Do you remember Moneyball? Adapted from a book of the same name, the popular 2011 movie tells the story of famous baseball guru who stepped back, analyzed the game and changed the way organizations build winning baseball teams.

This is the job of every BA. “Go moneyball” on the backlog and user stories! Analyze the results of the discovery sessions to reveal gaps, make connections and define the real problems.

BAs can’t skip analysis. This BA thinking time, outside of the discovery sessions, is where BAs really boost the value they provide. When BAs analyze processes, data, and people, they find impacts and gaps in known requirements and ultimately deliver better solutions. This is the time to pull out your analysis models and techniques to help you think and analyze.

Getting the WIN!

When BAs take a step back, create engaging discovery activities and make time for analysis, teams are much more likely to get the win. But remember you don’t just move through these steps once.
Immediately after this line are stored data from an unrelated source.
(* There exists a crystal framework $\mathcal{C}=(G,p)$ in $\mathbb{R}^2$ which is first-order rigid and which is continuously flexible, i.e. there are $t_1>0$ and placements $p_t:V\to\mathbb{R}^2$, $t\in[0,t_1]$, with $p_0=p$, $t\mapsto p_t(v)$ continuous for every vertex $v$, $\|p_t(v)-p_t(w)\|=\|p(v)-p(w)\|$ for every edge $vw\in E$ and every $t$, and such that for some $t$ the placement $p_t$ is not of the form $T\circ p$ for an isometry $T$ of $\mathbb{R}^2$.
   Context: A crystal framework in $\mathbb{R}^d$ is a bar-joint framework $(G,p)$, $G=(V,E)$ a countable simple graph, $p:V\to\mathbb{R}^d$ injective, for which there are $d$ linearly independent vectors $a_1,\dots,a_d$ such that $\mathbb{Z}^d$ acts on $G$ by graph automorphisms $v\mapsto k\cdot v$ with $p(k\cdot v)=p(v)+\sum_ik_ia_i$ and with finitely many orbits of vertices and of edges. An infinitesimal flex is a map $u:V\to\mathbb{C}^d$ with $(u(v)-u(w))\cdot(p(v)-p(w))=0$ for all $vw\in E$; the framework is first-order rigid if every infinitesimal flex lies in the complex linear span of the rigid-motion fields $v\mapsto Sp(v)+b$ ($S$ real skew-symmetric, $b\in\mathbb{R}^d$). *)

From HB Require Import structures.
From mathcomp Require Import all_boot all_order all_algebra.
From mathcomp Require Import all_classical all_reals all_analysis.
From mathcomp Require Import Rstruct Rstruct_topology.
From mathcomp.real_closed Require Import complex.
Theorem proposition4 (R : realType) (d : nat) (Umax tau beta eta lwd : R)
    (ytar w0 : 'rV[R]_d) (w y : nat -> 'rV[R]_d) (rstar : R) :
  (1 <= d)%N -> 0 < Umax -> 0 < tau -> 0 < beta -> 0 < eta -> 0 <= lwd ->
  w0 != 0 ->
  rlhf_iter Umax tau beta eta lwd ytar w0 w y ->
  (* r* is the unique positive root of F *)
  0 < rstar -> Ffun Umax tau beta eta lwd ytar w0 rstar = 0 ->
  (forall r, 0 < r -> Ffun Umax tau beta eta lwd ytar w0 r = 0 -> r = rstar) ->
  (* (A1) *)
  (forall r, 0 <= r <= dotv (uhat w0) ytar ->
     0 < Ffun Umax tau beta eta lwd ytar w0 r) ->
  (* (A2) *)
  lwd < 1 ->
  (forall r, 0 <= r <= rstar ->
     0 < derive1 (ffun Umax tau beta eta lwd ytar w0) r) ->
  (* r_0 = ||w0|| / beta < r* *)
  enorm w0 / beta < rstar ->
  let C := dotv (uhat w0) ytar in
  let D2 := sqnorm ytar - C ^+ 2 in
  let Ubar := Umax * expR (- (tau * D2)) in
  (* (i) *)
  (forall t, exists c : R, y t = c *: w0) /\
  (* (ii) *)
  (exists r : nat -> R,
     (forall t, y t = r t *: uhat w0) /\ r 0%N = enorm w0 / beta /\
     r @ \oo --> rstar) /\
  (* (iii) *)
  (C < rstar /\
   util Umax tau ytar (rstar *: uhat w0) < Ubar /\ Ubar <= Umax /\
   (0 < D2 -> Ubar < Umax) /\
   (0 < D2 <-> ~ (exists c : R, ytar = c *: w0))).
Proof.
move=> _ Umax_gt0 tau_gt0 beta_gt0 eta_gt0 _ w0_neq0 rlhf rstar_gt0 F_rstar _ A1 _ A2
  r0_lt C D2 Ubar.
pose r t := iter t (ffun Umax tau beta eta lwd ytar w0) (enorm w0 / beta).
have y_line : forall t, y t = r t *: uhat w0 := rlhf_trajectory w0_neq0 beta_gt0 w y rlhf.
have C_lt : C < rstar := C_lt_root F_rstar A1 (ltW rstar_gt0).
split; [|split; [|split]] => //.
- by move=> t; exists (r t / enorm w0); rewrite y_line scalerA.
- exists r; split=> //; split=> //.
  apply: (ffun_iter_cvg w0_neq0 Umax_gt0 tau_gt0 beta_gt0 eta_gt0 F_rstar A1 A2).
  by rewrite divr_gt0 ?enorm_gt0 ?ltW.
- split; first exact: util_line_lt.
  split; first exact: Ubar_le_Umax.
  split; first exact: Ubar_lt_Umax.
  exact: line_residual_gt0.
Qed.
(* nu = - [X_rho]^perp / |X_rho|, with (a,b)^perp = (b,-a), on element j *)
Definition nu (J : nat) (X : VF) (j : nat) : R * R :=
  let a := fst (drho J X j) in let b := snd (drho J X j) in
  (- b / nrm (drho J X j), a / nrm (drho J X j)).

(* mass-lumped product (f,g)^h = h/2 sum_j [(fg)(q_j^-) + (fg)(q_{j-1}^+)],
   where F j k is the value of the (piecewise continuous) product fg
   on element j evaluated at node k (k = j or k = j-1). *)
Definition lumped (J : nat) (F : nat -> nat -> R) : R :=
  hh J / 2 * sumR J (fun j => F j j + F j (j - 1)%nat).

(* exact L^2(I) product (u, c) of a piecewise linear u (nodal values) and a
   piecewise constant c (c j = value on element j):
   int_{q_{j-1}}^{q_j} u c = h * (u(q_{j-1}) + u(q_j))/2 * c j. *)
Definition l2_pl_pc (J : nat) (u : SF) (c : nat -> R) : R :=
  sumR J (fun j => hh J * ((u (j - 1)%nat + u j) / 2) * c j).

(* evaluation of the continuous piecewise linear function with nodal values u
   at rho in [0,1], via hat functions *)
Definition hat (J j : nat) (rho : R) : R :=
  Rmax 0 (1 - Rabs (rho - INR j * hh J) / hh J).
Definition evalS (J : nat) (u : SF) (rho : R) : R :=
  u 0%nat * hat J 0 rho + sumR J (fun j => u j * hat J j rho).

Definition in_bdry (per : bool) (bc : bool -> BType) (t : BType) (p : bool) : Prop :=
  per = false /\ bc p = t.
Definition bsum (per : bool) (bc : bool -> BType) (t : BType) (g : bool -> R) : R :=
  if per then 0 else
    (if BType_beq (bc false) t then g false else 0) +
    (if BType_beq (bc true) t then g true else 0).

(* V^h: periodicity identification q_0 = q_J in the periodic case *)
Definition inVhS (per : bool) (J : nat) (u : SF) : Prop := per = true -> u J = u 0%nat.
Definition inVh (per : bool) (J : nat) (X : VF) : Prop := per = true -> X J = X 0%nat.

Definition Vh_d0 (per : bool) (bc : bool -> BType) (J : nat) (X : VF) : Prop :=
  inVh per J X /\ forall p, in_bdry per bc BZero p -> fst (X (node J p)) = 0.
Lemma Forall2_enum_bijective (T : Type) m n (F : 'I_m -> T) (R : T -> 'I_n -> Prop) js :
  Permutation (enum 'I_n) js -> List.Forall2 R (map F (enum 'I_m)) js ->
  m = n /\ exists sigma : 'I_m -> 'I_n, bijective sigma /\ forall i, R (F i) (sigma i).
Proof.
move=> js_perm FRjs; have size_js := Forall2_size FRjs.
rewrite size_map size_enum_ord in size_js.
have mn : m = n by rewrite size_js -(Permutation_size js_perm) size_enum_ord.
subst n; split => //.
have js_uniq : uniq js by rewrite -(perm_uniq (Permutation_perm_eq js_perm)) enum_uniq.
exists (fun i => nth i js i); split.
  apply: injF_bij => i j ij.
  have ij' : nth i js i = nth i js j by rewrite ij (set_nth_default i) // -size_js.
  by apply/val_inj/eqP; rewrite -(nth_uniq i _ _ js_uniq) -?size_js ?ltn_ord // ij'.
move=> i; have := Forall2_nth (F i) i FRjs (i := i).
by rewrite size_map size_enum_ord ltn_ord (nth_map i) ?size_enum_ord // nth_ord_enum; apply.
Qed.

Section Representations.
Variables (V A : finType) (s t : A -> V) (k : fieldType).
Local Notation rp := (rep s t k).
Local Notation hom X Y f := (@is_hom V A s t k X Y f).
Local Notation iso := (@rep_iso V A s t k).
Local Notation rzero := (rzero s t k).

Lemma hom_id (X : rp) : hom X X (fun i => 1%:M).
Proof. by move=> r; rewrite mulmx1 mul1mx. Qed.

Lemma hom_comp (X Y Z : rp) f g : hom X Y f -> hom Y Z g ->
  hom X Z (fun i => f i *m g i).
Proof. by move=> hf hg r; rewrite mulmxA hf -!mulmxA hg. Qed.

Lemma homD (X Y : rp) f g : hom X Y f -> hom X Y g ->
  hom X Y (fun i => f i + g i).
Proof. by move=> hf hg r; rewrite mulmxDr mulmxDl hf hg. Qed.

Lemma homN (X Y : rp) f : hom X Y f -> hom X Y (fun i => - f i).
Proof. by move=> hf r; rewrite mulmxN mulNmx hf. Qed.

Lemma homB (X Y : rp) f g : hom X Y f -> hom X Y g ->
  hom X Y (fun i => f i - g i).
Proof. by move=> hf hg; apply: homD => //; apply: homN. Qed.

Lemma hom_inv (X Y : rp) f g : hom X Y f ->
  (forall i, f i *m g i = 1%:M) -> (forall i, g i *m f i = 1%:M) -> hom Y X g.
Proof.
move=> hf fg gf r.
rewrite -[LHS]mul1mx -(gf (s r)) -!mulmxA; congr (_ *m _).
by rewrite !mulmxA -hf -mulmxA fg mulmx1.
Qed.

Lemma hom_invmx (X : rp) f : hom X X f -> (forall i, f i \in unitmx) ->
  hom X X (fun i => invmx (f i)).
Proof. by move=> hf u; apply: (hom_inv hf) => i; rewrite ?mulmxV ?mulVmx. Qed.

Lemma iso_homP (X Y : rp) : iso X Y <-> exists f g,
  [/\ hom X Y f, hom Y X g, (forall i, f i *m g i = 1%:M) & (forall i, g i *m f i = 1%:M)].
Proof.
split=> [[f [g [hf fg]]]|[f [g [hf _ fg gf]]]]; last by exists f, g.
exists f, g; split => // [|i|i]; try by case: (fg i).
by apply: (hom_inv hf) => i; case: (fg i).
Qed.

Lemma iso_refl (X : rp) : iso X X.
Proof.
apply/iso_homP; exists (fun i => 1%:M), (fun i => 1%:M).
by split=> [||i|i]; rewrite ?mulmx1 //; apply: hom_id.
Qed.

Lemma iso_sym (X Y : rp) : iso X Y -> iso Y X.
Proof. by case/iso_homP=> f [g [hf hg fg gf]]; apply/iso_homP; exists g, f; split. Qed.

Lemma iso_trans (X Y Z : rp) : iso X Y -> iso Y Z -> iso X Z.
Proof.
case/iso_homP=> f [g [hf hg fg gf]] /iso_homP[f' [g' [hf' hg' fg' gf']]].
apply/iso_homP; exists (fun i => f i *m f' i), (fun i => g' i *m g i).
split; try exact: hom_comp.
  by move=> i; rewrite mulmxA -(mulmxA (f i)) fg' mulmx1 fg.
by move=> i; rewrite mulmxA -(mulmxA (g' i)) gf mulmx1 gf'.
Qed.

Local Notation inl_mx := (row_mx 1%:M 0).
Local Notation inr_mx := (row_mx 0 1%:M).
Local Notation prl_mx := (col_mx 1%:M 0).
Local Notation prr_mx := (col_mx 0 1%:M).

Lemma hom_row_mx (T X Y : rp) f g : hom T X f -> hom T Y g ->
  hom T (rsum X Y) (fun i => row_mx (f i) (g i)).
Proof.
move=> hf hg r /=; rewrite mul_mx_row mul_row_block ?mulmx0 ?mul0mx.
by rewrite addr0 add0r hf hg.
Qed.

Lemma hom_col_mx (X Y T : rp) f g : hom X T f -> hom Y T g ->
  hom (rsum X Y) T (fun i => col_mx (f i) (g i)).
Proof.
move=> hf hg r /=; rewrite !mul_col_mx !mul_row_col ?mulmx0 ?mul0mx.
by rewrite ?addr0 ?add0r hf hg.
Qed.

Lemma hom_inl (X Y : rp) : hom X (rsum X Y) (fun i => inl_mx).
Proof. by apply: hom_row_mx; [apply: hom_id | move=> r; rewrite mulmx0 mul0mx]. Qed.

Lemma hom_inr (X Y : rp) : hom Y (rsum X Y) (fun i => inr_mx).
Proof. by apply: hom_row_mx; [move=> r; rewrite mulmx0 mul0mx | apply: hom_id]. Qed.

Lemma hom_prl (X Y : rp) : hom (rsum X Y) X (fun i => prl_mx).
Proof. by apply: hom_col_mx; [apply: hom_id | move=> r; rewrite mulmx0 mul0mx]. Qed.

Lemma hom_prr (X Y : rp) : hom (rsum X Y) Y (fun i => prr_mx).
Proof. by apply: hom_col_mx; [move=> r; rewrite mulmx0 mul0mx | apply: hom_id]. Qed.

Lemma inl_prl m n : row_mx 1%:M (0 : 'M[k]_(m, n)) *m prl_mx = 1%:M.
Proof. by rewrite mul_row_col mulmx1 mul0mx addr0. Qed.
Lemma inr_prr m n : row_mx (0 : 'M[k]_(n, m)) 1%:M *m prr_mx = 1%:M.
Proof. by rewrite mul_row_col mulmx1 mul0mx add0r. Qed.
Lemma inl_prr m n : row_mx 1%:M (0 : 'M[k]_(m, n)) *m prr_mx = 0.
Proof. by rewrite mul_row_col mulmx0 mul0mx addr0. Qed.
Lemma inr_prl m n : row_mx (0 : 'M[k]_(n, m)) 1%:M *m prl_mx = 0.
Proof. by rewrite mul_row_col mulmx0 mul0mx addr0. Qed.

Lemma prl_inl_add_prr_inr m n :
  prl_mx *m inl_mx + prr_mx *m inr_mx = 1%:M :> 'M[k]_(m + n).
Proof.
rewrite !mul_col_row ?mulmx1 ?mulmx0 ?mul0mx ?mul1mx add_block_mx ?addr0 ?add0r.
by rewrite -scalar_mx_block.
Qed.

Lemma mulmx_prl_inl_add_prr_inr p q m n (B : 'M[k]_(p, m + n)) (C : 'M[k]_(m + n, q)) :
  B *m prl_mx *m inl_mx *m C + B *m prr_mx *m inr_mx *m C = B *m C.
Proof.
rewrite -!mulmxA -mulmxDr (mulmxA prl_mx) (mulmxA prr_mx) -mulmxDl.
by rewrite prl_inl_add_prr_inr mul1mx.
Qed.

Lemma mulmx_inl_prl p m n (B : 'M[k]_(p, m)) :
  B *m row_mx 1%:M (0 : 'M[k]_(m, n)) *m prl_mx = B.
Proof. by rewrite -mulmxA inl_prl mulmx1. Qed.
Lemma mulmx_inr_prr p m n (B : 'M[k]_(p, n)) :
  B *m row_mx (0 : 'M[k]_(n, m)) 1%:M *m prr_mx = B.
Proof. by rewrite -mulmxA inr_prr mulmx1. Qed.
Lemma mulmx_inl_prr p m n (B : 'M[k]_(p, m)) :
  B *m row_mx 1%:M (0 : 'M[k]_(m, n)) *m prr_mx = 0.
Proof. by rewrite -mulmxA inl_prr mulmx0. Qed.
Lemma mulmx_inr_prl p m n (B : 'M[k]_(p, n)) :
  B *m row_mx (0 : 'M[k]_(n, m)) 1%:M *m prl_mx = 0.
Proof. by rewrite -mulmxA inr_prl mulmx0. Qed.

Ltac biprod_simpl := rewrite ?mulmxA ?mulmx_inl_prl ?mulmx_inl_prr ?mulmx_inr_prl
  ?mulmx_inr_prr ?inl_prl ?inr_prr ?inl_prr ?inr_prl
  ?mul0mx ?mulmx0 ?mul1mx ?mulmx1 ?add0r ?addr0.

Lemma biprod_cross m n1 n2 (j : 'M[k]_(n1, m)) p (j' : 'M[k]_(n2, m)) p' :
  j *m p = 1%:M -> j' *m p' = 1%:M -> p *m j + p' *m j' = 1%:M -> j *m p' = 0.
Proof.
move=> ejp ejp' eS; have := congr1 (fun M => j *m M *m p') eS.
rewrite /= mulmx1 mulmxDr mulmxDl !mulmxA ejp mul1mx -!mulmxA ejp' mulmx1.
by move/eqP; rewrite -subr_eq0 addrK => /eqP.
Qed.

Lemma biprod_iso (X Y1 Y2 : rp) j1 p1 j2 p2 :
  hom Y1 X j1 -> hom X Y1 p1 -> hom Y2 X j2 -> hom X Y2 p2 ->
  (forall i, j1 i *m p1 i = 1%:M) -> (forall i, j2 i *m p2 i = 1%:M) ->
  (forall i, p1 i *m j1 i + p2 i *m j2 i = 1%:M) ->
  iso X (rsum Y1 Y2).
Proof.
move=> hj1 hp1 hj2 hp2 e1 e2 e.
exists (fun i => row_mx (p1 i) (p2 i)), (fun i => col_mx (j1 i) (j2 i)).
split; first exact: hom_row_mx.
move=> i; rewrite mul_row_col e mul_col_row e1 e2 (biprod_cross (e1 i) (e2 i)) //.
by rewrite (biprod_cross (e2 i) (e1 i)) -?scalar_mx_block // addrC.
Qed.

Lemma rsumC (X Y : rp) : iso (rsum X Y) (rsum Y X).
Proof.
apply: (biprod_iso (hom_inr X Y) (hom_prr X Y) (hom_inl X Y) (hom_prl X Y)).
- by move=> i; rewrite inr_prr.
- by move=> i; rewrite inl_prl.
by move=> i; rewrite addrC prl_inl_add_prr_inr.
Qed.

Lemma rsumA (X Y Z : rp) : iso (rsum (rsum X Y) Z) (rsum X (rsum Y Z)).
Proof.
apply: (biprod_iso (hom_comp (hom_inl X Y) (hom_inl (rsum X Y) Z))
          (hom_comp (hom_prl (rsum X Y) Z) (hom_prl X Y))
          (hom_col_mx (hom_comp (hom_inr X Y) (hom_inl (rsum X Y) Z)) (hom_inr (rsum X Y) Z))
          (hom_row_mx (hom_comp (hom_prl (rsum X Y) Z) (hom_prr X Y)) (hom_prr (rsum X Y) Z))).
- by move=> i /=; biprod_simpl.
- by move=> i /=; rewrite mul_col_row; biprod_simpl; rewrite -scalar_mx_block.
move=> i /=; rewrite mul_row_col; biprod_simpl.
by rewrite addrA mulmx_prl_inl_add_prr_inr prl_inl_add_prr_inr.
Qed.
You don’t just look at the backlog, do one discovery session, then analyze and go— it’s an iterative process.

BAs repeat the elicitation cycle over and over as they dig deeper into details. You’re really playing ball when you find ways to experiment with and test what you’ve learned from discovery and analysis.

Good user stories and good requirements in general, always come back to the basics of business analysis and making sure we advocate for the elicitation and analysis pieces of our BA approach. Don’t just chase after every pop fly that comes your way. Make sure your first step is back so you can get the perspective you need to help your organization win.